Elon Musk
Gage Skidmore/Wikimedia Commons

Elon Musk is facing intense criticism in the US after a former senior USAID official alleged in an interview published on Saturday 1 June that the tech billionaire's role in dismantling the aid agency under Donald Trump's administration contributed to the suffering and deaths of 'hundreds of thousands' of people across more than 100 countries. The accusations, centred on what one critic called Elon Musk's USAID 'wood chipper', were laid out by ex staffer Nicholas Enrich in a lengthy interview with Current Affairs.

USAID, the United States Agency for International Development, has for decades overseen American foreign aid and development programmes, from vaccination drives to HIV and Ebola prevention. During Trump's presidency, Musk was appointed head of the Department of Government Efficiency, or DOGE, a cost cutting office within the administration. According to Enrich, it was from that position that Musk drove a rapid and destructive restructuring of USAID that he believes had lethal consequences across the developing world.

Inside The USAID Claim

Enrich told Current Affairs he was serving as USAID's top global health official when Musk publicly boasted about shredding the agency's work.

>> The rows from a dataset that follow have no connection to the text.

Section SwapNextVertex.
Variables (t : nat) (a : V).
Hypotheses (aU : a \in U) (rank_a : rank_in U pi a = t).

Let later := U :\: prefixn U pi t.

Lemma mem_later y : (y \in later) = (y \in U) && (t <= rank_in U pi y).
Proof. by rewrite !inE; case: (y \in U); rewrite /= ?andbT -?leqNgt. Qed.

Lemma perm_on_tperm_later y : y \in later -> perm_on U (tperm a y).
Proof.
move=> yL; apply: subset_trans (tperm_on a y) _; apply/subsetP => z.
by rewrite !inE => /orP[]/eqP ->//; move: yL; rewrite mem_later => /andP[].
Qed.

(* [tperm a y] only exchanges vertices at positions [>= t] of [pi], so it does
   not change the [t]-prefix nor its order. *)
Lemma survivors_tperm r y : r \in Sym U -> y \in later ->
  survivors e U ((r * tperm a y) * pi)%g t = survivors e U (r * pi)%g t.
Proof.
rewrite inE => rU yL; have rtU := perm_onM rU (perm_on_tperm_later yL).
have y_late : (rank_in U pi y < t) = false by move: yL; rewrite mem_later ltnNge => /andP[_ ->].
have rank_tperm w : (rank_in U pi (tperm a y w) < t) = (rank_in U pi w < t).
  by case: (tpermP a y w) => [->|->|//]; rewrite rank_a ltnn.
have prefixE : prefixn U ((r * tperm a y) * pi)%g t = prefixn U (r * pi)%g t.
  apply/setP => z; rewrite !inE; case zU: (z \in U) => //=.
  by rewrite !rank_inM // permM rank_tperm.
rewrite /survivors prefixE; congr (_ :\: (_ :|: nbrs_set e _)); apply: eq_lfmis => z.
rewrite inE => /andP[zU]; rewrite !rankM permM rank_inM //.
by case: tpermP => // ->; rewrite ?rank_a ?ltnn ?y_late.
Qed.

Lemma heavy_tperm r y : y \in later -> ((r * tperm a y)%g \in heavy t) = (r \in heavy t).
Proof.
move=> yL; have tU := perm_on_tperm_later yL.
have SymE : ((r * tperm a y)%g \in Sym U) = (r \in Sym U).
  rewrite !inE; apply/idP/idP => [rtU|rU]; last exact: perm_onM.
  by have := perm_onM rtU tU; rewrite -mulgA tperm2 mulg1.
rewrite !in_heavy SymE; case rU: (r \in Sym U) => //=.
by rewrite survivors_tperm.
Qed.

(* [r * tperm a y] puts [r^-1 y] at position [t]; if that vertex is [v] or a
   surviving neighbour of [v], then [v] does not survive the [t.+1]-prefix. *)
Lemma card_later_heavyS r : r \in heavy t ->
  #|[set y in later | (r * tperm a y)%g \in heavy t.+1]|
  + deg_in e (survivors e U (r * pi)%g t) v <= #|later|.
Proof.
rewrite in_heavy => /and3P[rSym vS _]; move: (rSym); rewrite inE => rU.
set N := nbrs_in e (survivors e U (r * pi)%g t) v.
have rN_later : r @: N \subset later.
  apply/subsetP => y /imsetP[z]; rewrite in_nbrs_in in_survivors => /andP[/and3P[zP _ zU] _] ->.
  by rewrite !inE perm_closed // zU andbT; move: zP; rewrite !inE zU rank_inM.
have heavyS_later : [set y in later | (r * tperm a y)%g \in heavy t.+1] \subset later :\: r @: N.
  apply/subsetP => y; rewrite inE => /andP[yL yH]; rewrite inE yL andbT.
  apply/imsetP => -[z zN yE]; move: zN; rewrite in_nbrs_in => /andP[zS evz].
  have zU : z \in U := subsetP (survivors_sub e _ _ _) _ zS.
  have rtU := perm_onM rU (perm_on_tperm_later yL).
  have := @survivorsS_kill _ e U ((r * tperm a y) * pi)%g t z v zU.
  rewrite rank_inM // permM -yE tpermR rank_a survivors_tperm // => /(_ erefl zS).
  by rewrite e_sym evz orbT => /(_ erefl); move: yH; rewrite in_heavy => /and3P[_ -> _].
rewrite -(cardsID (r @: N) later) (setIidPr rN_later) card_imset; last exact: perm_inj.
by rewrite addnC leq_add2l subset_leq_card.
Qed.

Lemma card_heavyS_double_count :
  #|later| * #|heavy t.+1|
  <= \sum_(r in heavy t) (#|later| - deg_in e (survivors e U (r * pi)%g t) v).
Proof.
have tU : t < #|U| by rewrite -rank_a rank_in_lt_card.
have card_heavyS y : y \in later ->
    #|heavy t.+1| = \sum_(r in heavy t) ((r * tperm a y)%g \in heavy t.+1 : nat).
  move=> yL; rewrite -sum1_card big_mkcond /= (reindex_inj (mulIg (tperm a y))) /=.
  rewrite [RHS]big_mkcond /=; apply: eq_bigr => r _.
  case rH: ((r * tperm a y)%g \in heavy t.+1); last by case: (r \in heavy t).
  by rewrite -(heavy_tperm r yL) (subsetP (heavyS_sub tU) _ rH).
rewrite -sum_nat_const (eq_bigr _ card_heavyS) exchange_big /=; apply: leq_sum => r rH.
rewrite -card_set_mem_sum leq_subRL; first by rewrite addnC card_later_heavyS.
exact: leq_trans (leq_addl _ _) (card_later_heavyS rH).
Qed.

End SwapNextVertex.

Lemma card_heavyS_le t : (0 <= thr)%R -> t < #|U| ->
  (#|heavy t.+1|%:R <= #|heavy t|%:R * (1 - thr / #|U|%:R) :> R)%R.
Proof.
move=> thr0 tU; have [a aU rank_a] := rank_in_onto pi tU.
set q := #|U :\: prefixn U pi t|.
have q_gt0 : 0 < q by apply/card_gt0P; exists a; rewrite !inE aU rank_a ltnn.
have qU : q <= #|U| by apply/subset_leq_card/subsetDl.
have deg_le r : r \in heavy t -> deg_in e (survivors e U (r * pi)%g t) v <= q.
  by move=> rH; apply: leq_trans (leq_addl _ _) (card_later_heavyS aU rank_a rH).
have double_count : (q%:R * #|heavy t.+1|%:R <= #|heavy t|%:R * (q%:R - thr) :> R)%R.
  apply: le_trans (_ : (\sum_(r in heavy t) (q%:R - thr) <= _)%R); last first.
    by rewrite sumr_const mulrC mulr_natr.
  rewrite -natrM; apply: le_trans (_ : (\sum_(r in heavy t)
    (q - deg_in e (survivors e U (r * pi)%g t) v))%:R <= _)%R.
    by rewrite ler_nat (card_heavyS_double_count aU rank_a).
  rewrite natr_sum; apply: ler_sum => r rH; rewrite natrB ?deg_le // lerB //.
  by move: rH; rewrite in_heavy => /and3P[_ _ /ltW].
have U_gt0 : (0 < #|U|%:R :> R)%R by rewrite ltr0n (leq_trans q_gt0 qU).
have shrink : (q%:R - thr <= q%:R * (1 - thr / #|U|%:R) :> R)%R.
  rewrite mulrBr mulr1 lerB // mulrA ler_pdivrMr // [leRHS]mulrC ler_wpM2r //.
  by rewrite ler_nat.
rewrite -(ler_pM2l (_ : 0 < q%:R)%R) ?ltr0n //; apply: le_trans double_count _.
by rewrite mulrCA ler_wpM2l.
Qed.

Lemma card_heavy_le t : (0 <= thr)%R -> t <= #|U| ->
  (#|heavy t|%:R <= #|Sym U|%:R * expR (- (thr / #|U|%:R) * t%:R) :> R)%R.
Proof.
move=> thr0; elim: t => [|t IH] tU.
  rewrite mulr0 expR0 mulr1 ler_nat subset_leq_card //.
  by apply/subsetP => r; rewrite in_heavy => /andP[].
have := card_heavyS_le thr0 tU; set x := (thr / #|U|%:R)%R => step.
rewrite -natr1 mulrDr mulr1 expRD mulrA; apply: le_trans step _.
have [x_le1|x_gt1] := lerP 0 (1 - x).
  by apply: ler_pM => //; [exact: IH (ltnW tU) | exact: expR_ge1Dx].
apply: le_trans (_ : 0 <= _)%R; first by rewrite mulr_ge0_le0 // ltW.
by rewrite !mulr_ge0 // ltW // expR_gt0.
Qed.

End HeavySurvivors.

Lemma downward_closed_cut (P : pred nat) m : (forall p q, p <= q -> P q -> P p) ->
  exists2 k, k <= m & forall q, q < m -> (q < k) = P q.
Proof.
move=> Pdown; elim: m => [|m [k km Pk]]; first by exists 0.
have [km'|mk] := ltnP k m.
  exists k => [|q]; first exact: leqW.
  rewrite ltnS leq_eqVlt => /predU1P[->|]; last exact: Pk.
  by rewrite ltnNge ltnW //; apply/esym/negP => /(Pdown k m (ltnW km')); rewrite -Pk ?ltnn.
have k_eq : k = m by apply/eqP; rewrite eqn_leq km.
subst k.
have [Pm|nPm] := boolP (P m).
  exists m.+1 => // q qm; rewrite qm; move: qm; rewrite ltnS leq_eqVlt.
  by case/predU1P => [->|qm]; rewrite ?Pm // -Pk qm.
exists m => [|q]; first exact: leqnSn.
by rewrite ltnS leq_eqVlt => /predU1P[->|/Pk//]; rewrite ltnn (negbTE nPm).
Qed.

Section RoundsAndRelabelling.
Variables (R : realType) (V : finType) (e : rel V).

Lemma round_step_survivors (U : {set V}) (d : R) :
  exists k, [/\ k <= #|U|, (d <= 1 -> d * #|U|%:R <= k%:R)%R &
                forall p, round_step e p d U = survivors e U p k].
Proof.
set y := (d * #|U|%:R)%R.
have [k kU cutk] : exists2 k, k <= #|U| & forall q, q < #|U| -> (q < k) = (q%:R < y)%R.
  by apply: downward_closed_cut => p q pq; apply: le_lt_trans; rewrite ler_nat.
exists k; split=> // [d_le1|p].
  case: (ltnP k #|U|) => [kU'|Uk]; first by rewrite leNgt -cutk ?ltnn.
  have -> : k = #|U| by apply/eqP; rewrite eqn_leq kU.
  by rewrite ler_piMl.
suff prefixE : Defs.prefix U p d = prefixn U p k by rewrite /round_step prefixE.
by apply/setP => z; rewrite !inE; case zU: (z \in U); rewrite //= cutk // rank_in_lt_card.
Qed.

Lemma round_step_sub p (d : R) (U : {set V}) : round_step e p d U \subset U.
Proof. exact: subsetDl. Qed.

Lemma round_step_perm_on p r (d : R) (U Y : {set V}) :
  perm_on Y r -> Y \subset round_step e p d U ->
  round_step e (r * p)%g d U = round_step e p d U.
Proof.
have [k [_ _ roundE]] := round_step_survivors U d.
by rewrite !roundE; apply: survivors_perm_on.
Qed.

Variable delta : nat -> {set V} -> R.

Lemma remaining_sub p j j' : j <= j' ->
  remaining e p delta j' \subset remaining e p delta j.
Proof.
move=> /subnK <-; elim: (j' - j) => [|n IH]; first by rewrite add0n.
exact: subset_trans (round_step_sub _ _ _) IH.
Qed.

Lemma remaining_perm_on p r j0 : perm_on (remaining e p delta j0) r ->
  forall j, j <= j0 -> remaining e (r * p)%g delta j = remaining e p delta j.
Proof.
move=> rRem; elim => [|j IH] jj0 //=; rewrite IH ?(ltnW jj0) //.
exact: round_step_perm_on rRem (remaining_sub p jj0).
Qed.

End RoundsAndRelabelling.

Lemma card_le_sum_cover (T I : finType) (A : {set T}) (E : I -> {set T}) :
  (forall x, x \in A -> exists i, x \in E i) -> #|A| <= \sum_i #|E i|.
Proof.
move=> cover; have sub : A \subset \bigcup_i E i.
  by apply/subsetP => x /cover[i xi]; apply/bigcupP; exists i.
apply: leq_trans (subset_leq_card sub) _.
elim/big_rec2: _ => [|i B n _ IH]; first by rewrite cards0.
by apply: leq_trans (leq_card_setU _ _) _; rewrite leq_add2l.
Qed.

Section RoundHighDegree.
Variables (R : realType) (V : finType) (e : rel V).
Hypothesis e_sym : symmetric e.

Lemma card_round_step_high_degree (pi : {perm V}) (U : {set V}) (d thr : R) :
  (0 <= thr)%R -> (d <= 1)%R ->
  (#|[set r in Sym U | ~~ [forall v in round_step e (r * pi)%g d U,
      ((deg_in e (round_step e (r * pi)%g d U) v)%:R <= thr)%R]]|%:R
   <= #|V|%:R * #|Sym U|%:R * expR (- (thr * d)) :> R)%R.
Proof.
move=> thr0 d_le1; have [k [kU dk roundE]] := round_step_survivors e U d.
have [U0|U_gt0] := posnP #|U|.
  suff -> : [set r in Sym U | ~~ [forall v in round_step e (r * pi)%g d U,
      ((deg_in e (round_step e (r * pi)%g d U) v)%:R <= thr)%R]] = set0.
    by rewrite cards0 !mulr_ge0 // expR_ge0.
  apply/setP => r; rewrite in_set in_set0 roundE; apply/negbTE; rewrite negb_and negbK.
  apply/orP; right; apply/forall_inP => z /(subsetP (survivors_sub e U _ k)).
  by move/eqP: U0; rewrite cards_eq0 => /eqP ->; rewrite in_set0.
apply: le_trans (_ : \sum_v #|heavy e pi U v thr k|%:R <= _)%R.
  rewrite -natr_sum ler_nat; apply: card_le_sum_cover => r.
  rewrite inE roundE => /andP[rU /forall_inPn[v vS deg_gt]].
  by exists v; rewrite in_heavy rU vS ltNge.
apply: le_trans (_ : \sum_(v : V) (#|Sym U|%:R * expR (- (thr * d))) <= _)%R; last first.
  by rewrite sumr_const -[leRHS]mulrA [leRHS]mulrC mulr_natr.
apply: ler_sum => v _.
apply: le_trans (card_heavy_le e_sym pi v thr0 kU) _; rewrite ler_wpM2l // ler_expR.
by rewrite mulNr lerN2 mulrAC ler_pdivlMr ?ltr0n // -mulrA ler_wpM2l ?dk.
Qed.

End RoundHighDegree.

Section Conditioning.
Variable R : numDomainType.

(* Each translation by [r \in H] permutes [A], so [x \in A] with [r * x \in B]
   are as many as the points of [B :&: A]. *)
Lemma card_setI_le_mulg_stable (gT : finGroupType) (H : {group gT}) (A B : {set gT})
    (eps : R) :
  (forall r x, r \in H -> (r * x \in A) = (x \in A))%g ->
  (forall x, x \in A -> #|[set r in H | (r * x)%g \in B]|%:R <= #|H|%:R * eps)%R ->
  (#|B :&: A|%:R <= #|A|%:R * eps)%R.
Proof.
move=> stableA bound.
have double_count : (#|H| * #|B :&: A| = \sum_(x in A) #|[set r in H | (r * x)%g \in B]|)%N.
  under [RHS]eq_bigr => x _ do rewrite card_set_mem_sum.
  rewrite exchange_big /= -sum_nat_const; apply: eq_bigr => r rH.
  rewrite (reindex_inj (mulgI r^-1%g)) (eq_bigl (mem A)) => [|y]; last first.
    by rewrite /= stableA ?groupV.
  under eq_bigr do rewrite mulKVg.
  by rewrite -card_set_mem_sum; apply: eq_card => y; rewrite !inE andbC.
have H_gt0 : (0 < #|H|%:R :> R)%R by rewrite ltr0n cardG_gt0.
rewrite -(ler_pM2l H_gt0) -natrM double_count natr_sum mulrCA mulr_natl -sumr_const.
by apply: ler_sum.
Qed.
(* There exists a $2$-regular curve in $\mathbb{E}^4$ which does not admit a generalized Bishop frame of type F.
   Context: A regular curve $\gamma: I\to\mathbb{E}^4$ ($I$ an open interval) is considered with arc-length parametrization; $\mathbb{T}=\gamma'$ is its unit tangent vector. It is $2$-regular if $\mathbb{T}'$ is nowhere vanishing. A frame on $\gamma$ is an ordered orthonormal frame $(\mathbb{T},\mathbb{Z}_1,\mathbb{Z}_2,\mathbb{Z}_3)$ of smooth vector fields along $\gamma$ whose first vector is $\mathbb{T}$; it is identified with the smooth map $\mathbb{Z}: I\to O(4)$ whose rows are these vectors. Its coefficient matrix is the $\mathfrak{o}(4)$-valued function $X$ with $\mathbb{Z}'=X\mathbb{Z}$. A frame is of type F if, after possibly permuting $\mathbb{Z}_1,\mathbb{Z}_2,\mathbb{Z}_3$ (keeping $\mathbb{T}$ first), its coefficient matrix has the form $\begin{pmatrix}0&x_1&0&0\\-x_1&0&x_2&0\\0&-x_2&0&x_3\\0&0&-x_3&0\end{pmatrix}$ for some smooth functions $x_1,x_2,x_3$ (no sign conditions). *)

From Stdlib Require Import Reals Lra Lia.
From Coquelicot Require Import Coquelicot.
Open Scope R_scope.

Definition in_I (a b : Rbar) (t : R) : Prop := Rbar_lt a t /\ Rbar_lt t b.

Definition smooth_on (a b : Rbar) (f : R -> R) : Prop :=
  forall (n : nat) (t : R), in_I a b t -> ex_derive (Derive_n f n) t.
Lemma branch_traject x s : is_branch T (x :: s) ->
  [/\ last x s \in V, size s <= d (last x s) & x :: s = rev (traject p (last x s) (size s).+1)].
Proof.
elim: s x => [|y s IH] x /=.
  by move=> [xV _]; rewrite leq0n.
move=> [xV [/andP[yV allV] /andP[/andP[yr /eqP pyx] pth]]].
have [zV lesz e] := IH y (conj yV (conj allV pth)).
have ey : iter (size s) p (last y s) = y by move: e; rewrite trajectSr rev_rcons => -[].
have [_] := iter_par zV lesz; rewrite ey => dy.
have ltsz : size s < d (last y s) by move: (depth_par dT yV yr); lia.
have e' : x :: y :: s = rev (traject p (last y s) (size s).+2).
  by rewrite trajectSr rev_rcons -e iterS ey pyx.
by split.
Qed.

Lemma mem_branch x s : is_branch T (x :: s) -> forall y,
  (y \in x :: s) = (y \in ancestors (last x s)) && (d x <= d y).
Proof.
move=> /branch_traject[zV lesz e].
have ex : iter (size s) p (last x s) = x by move: e; rewrite trajectSr rev_rcons => -[].
have [_] := iter_par zV lesz; rewrite ex => dx y.
by rewrite e mem_rev mem_traject_par // dx.
Qed.

Lemma mem_branch_inj x s y z : is_branch T (x :: s) -> y \in x :: s -> z \in x :: s ->
  d y = d z -> y = z.
Proof.
move=> br; have [lV _ _] := branch_traject br.
rewrite !(mem_branch br) => /andP[yl _] /andP[zl _] dyz.
apply: ancestor_depth_inj (ancestors_total lV zl yl _) _ => //; last by rewrite dyz.
by case: (ancestorP lV zl).
Qed.

End RootedDepth.

Section TreeDepth.
Variable T : btree.
Hypothesis tree : rooted_tree T.
Local Notation V := (bvert T).
Local Notation r := (broot T).
Local Notation p := (bpar T).

Lemma tree_depth_subproof x : {n | x \in V -> dist_root T x n}.
Proof.
case xV: (x \in V); last by exists 0.
have ex : exists n, iter n p x == r.
  by case: tree => _ _ /(_ x xV)[n en]; exists n; apply/eqP.
exists (ex_minn ex) => _; case: ex_minnP => n /eqP en minn; split=> // m ltmn /eqP em.
by have := minn m em; rewrite leqNgt ltmn.
Qed.

Definition tree_depth x := sval (tree_depth_subproof x).

Lemma tree_depthP x : x \in V -> dist_root T x (tree_depth x).
Proof. exact: svalP (tree_depth_subproof x). Qed.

'Musk tweeted that he just spent the weekend feeding USAID into the wood chipper, and I was the top global health official at USAID at the time,' Enrich recalled. 'So, I unfortunately had a front row seat to the destruction that was happening to the agency at that point.'

He then set out what he says was being dismantled. USAID, he explained, was the federal government's arm for delivering foreign aid and development help 'around the world to over 100 countries.' It was more than charity. 'It was an implement of national security,' he said. 'It kept Americans safe from infectious diseases.'

None of the internal documents or the tweet Enrich refers to are reproduced in the interview, so his account cannot be independently verified. There is also no response from Musk or the former DOGE office. On that basis, his description of events remains an allegation, albeit from someone who says he was in the room as decisions were made.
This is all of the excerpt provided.